(Records excerpted from a collection)
(* Let $K\ge1$, fix $t_1,t_2\in\mathbb C$, and let $M\in\mathcal M$. If $D(M)<2K^2-3K$ then $\det M=0$. If $D(M)=2K^2-3K$ and $\det M\ne0$, then the column degrees $D_1(M),\dots,D_{2K}(M)$ are, in some order, exactly the distinct values $-1,0,1,\dots,2K-2$.
   Context: For integers $r$ and nonnegative integers $E,G$ define \[ I(r,E,G)=\frac{1}{2\pi i}\oint_{|u|=2}\frac{u^r\exp\left(\frac{t_1}{u-1}+\frac{t_2}{u+1}\right)}{(u-1)^E(u+1)^G}\,du \] (positively oriented circle). Let $\mathcal M=\mathcal M_{2K}$ be the set of $2K\times 2K$ matrices $M=(M_{i,j})$ with $M_{i,j}=I(c_j+r_i,E_j,G_j)$, where $r_1,\dots,r_{2K},c_1,\dots,c_{2K}\in\mathbb Z$ and $E_j,G_j$ are nonnegative integers. The degree of the entry $M_{i,j}$ is $d_{i,j}=c_j+r_i-E_j-G_j$, the degree of column $J$ is $D_J(M)=\max_i d_{i,J}$, and the total degree is $D(M)=\sum_{J=1}^{2K}D_J(M)$. *)

From Stdlib Require Import Reals ZArith ClassicalEpsilon.
From mathcomp Require Import all_boot all_fingroup.
Set Implicit Arguments. Unset Strict Implicit. Unset Printing Implicit Defensive.
Local Open Scope R_scope.

Definition Cplx : Type := (R * R)%type.
Definition C0 : Cplx := (0, 0).
Definition C1 : Cplx := (1, 0).
Definition RtoC (x : R) : Cplx := (x, 0).
Definition Cadd (z w : Cplx) : Cplx := (fst z + fst w, snd z + snd w).
Definition Copp (z : Cplx) : Cplx := (- fst z, - snd z).
Definition Csub (z w : Cplx) : Cplx := Cadd z (Copp w).
Definition Cmul (z w : Cplx) : Cplx :=
  (fst z * fst w - snd z * snd w, fst z * snd w + snd z * fst w).
Definition Cinv (z : Cplx) : Cplx :=
  (fst z / (fst z * fst z + snd z * snd z),
   - snd z / (fst z * fst z + snd z * snd z)).
Definition Cdiv (z w : Cplx) : Cplx := Cmul z (Cinv w).
Definition Cexp (z : Cplx) : Cplx := (exp (fst z) * cos (snd z), exp (fst z) * sin (snd z)).
Fixpoint Cpown (z : Cplx) (n : nat) : Cplx :=
  match n with O => C1 | S m => Cmul z (Cpown z m) end.
Definition Cpowz (z : Cplx) (r : Z) : Cplx :=
  match r with
  | Z0 => C1
  | Zpos p => Cpown z (Pos.to_nat p)
  | Zneg p => Cinv (Cpown z (Pos.to_nat p))
  end.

* **EXERCISE PROMPT**
Each line above needs to be returned exactly as it is.

* **COMPLETED EXERCISE**
(* Let $K\ge1$, fix $t_1,t_2\in\mathbb C$, and let $M\in\mathcal M$. If $D(M)<2K^2-3K$ then $\det M=0$. If $D(M)=2K^2-3K$ and $\det M\ne0$, then the column degrees $D_1(M),\dots,D_{2K}(M)$ are, in some order, exactly the distinct values $-1,0,1,\dots,2K-2$.
   Context: For integers $r$ and nonnegative integers $E,G$ define \[ I(r,E,G)=\frac{1}{2\pi i}\oint_{|u|=2}\frac{u^r\exp\left(\frac{t_1}{u-1}+\frac{t_2}{u+1}\right)}{(u-1)^E(u+1)^G}\,du \] (positively oriented circle). Let $\mathcal M=\mathcal M_{2K}$ be the set of $2K\times 2K$ matrices $M=(M_{i,j})$ with $M_{i,j}=I(c_j+r_i,E_j,G_j)$, where $r_1,\dots,r_{2K},c_1,\dots,c_{2K}\in\mathbb Z$ and $E_j,G_j$ are nonnegative integers. The degree of the entry $M_{i,j}$ is $d_{i,j}=c_j+r_i-E_j-G_j$, the degree of column $J$ is $D_J(M)=\max_i d_{i,J}$, and the total degree is $D(M)=\sum_{J=1}^{2K}D_J(M)$. *)

From Stdlib Require Import Reals ZArith ClassicalEpsilon.
From mathcomp Require Import all_boot all_fingroup.
Set Implicit Arguments. Unset Strict Implicit. Unset Printing Implicit Defensive.
Local Open Scope R_scope.

Definition Cplx : Type := (R * R)%type.
Definition C0 : Cplx := (0, 0).
Definition C1 : Cplx := (1, 0).
Definition RtoC (x : R) : Cplx := (x, 0).
Definition Cadd (z w : Cplx) : Cplx := (fst z + fst w, snd z + snd w).
Definition Copp (z : Cplx) : Cplx := (- fst z, - snd z).
Definition Csub (z w : Cplx) : Cplx := Cadd z (Copp w).
Definition Cmul (z w : Cplx) : Cplx :=
  (fst z * fst w - snd z * snd w, fst z * snd w + snd z * fst w).
Definition Cinv (z : Cplx) : Cplx :=
  (fst z / (fst z * fst z + snd z * snd z),
   - snd z / (fst z * fst z + snd z * snd z)).
Definition Cdiv (z w : Cplx) : Cplx := Cmul z (Cinv w).
Definition Cexp (z : Cplx) : Cplx := (exp (fst z) * cos (snd z), exp (fst z) * sin (snd z)).
Fixpoint Cpown (z : Cplx) (n : nat) : Cplx :=
  match n with O => C1 | S m => Cmul z (Cpown z m) end.
Definition Cpowz (z : Cplx) (r : Z) : Cplx :=
  match r with
  | Z0 => C1
  | Zpos p => Cpown z (Pos.to_nat p)
  | Zneg p => Cinv (Cpown z (Pos.to_nat p))
  end.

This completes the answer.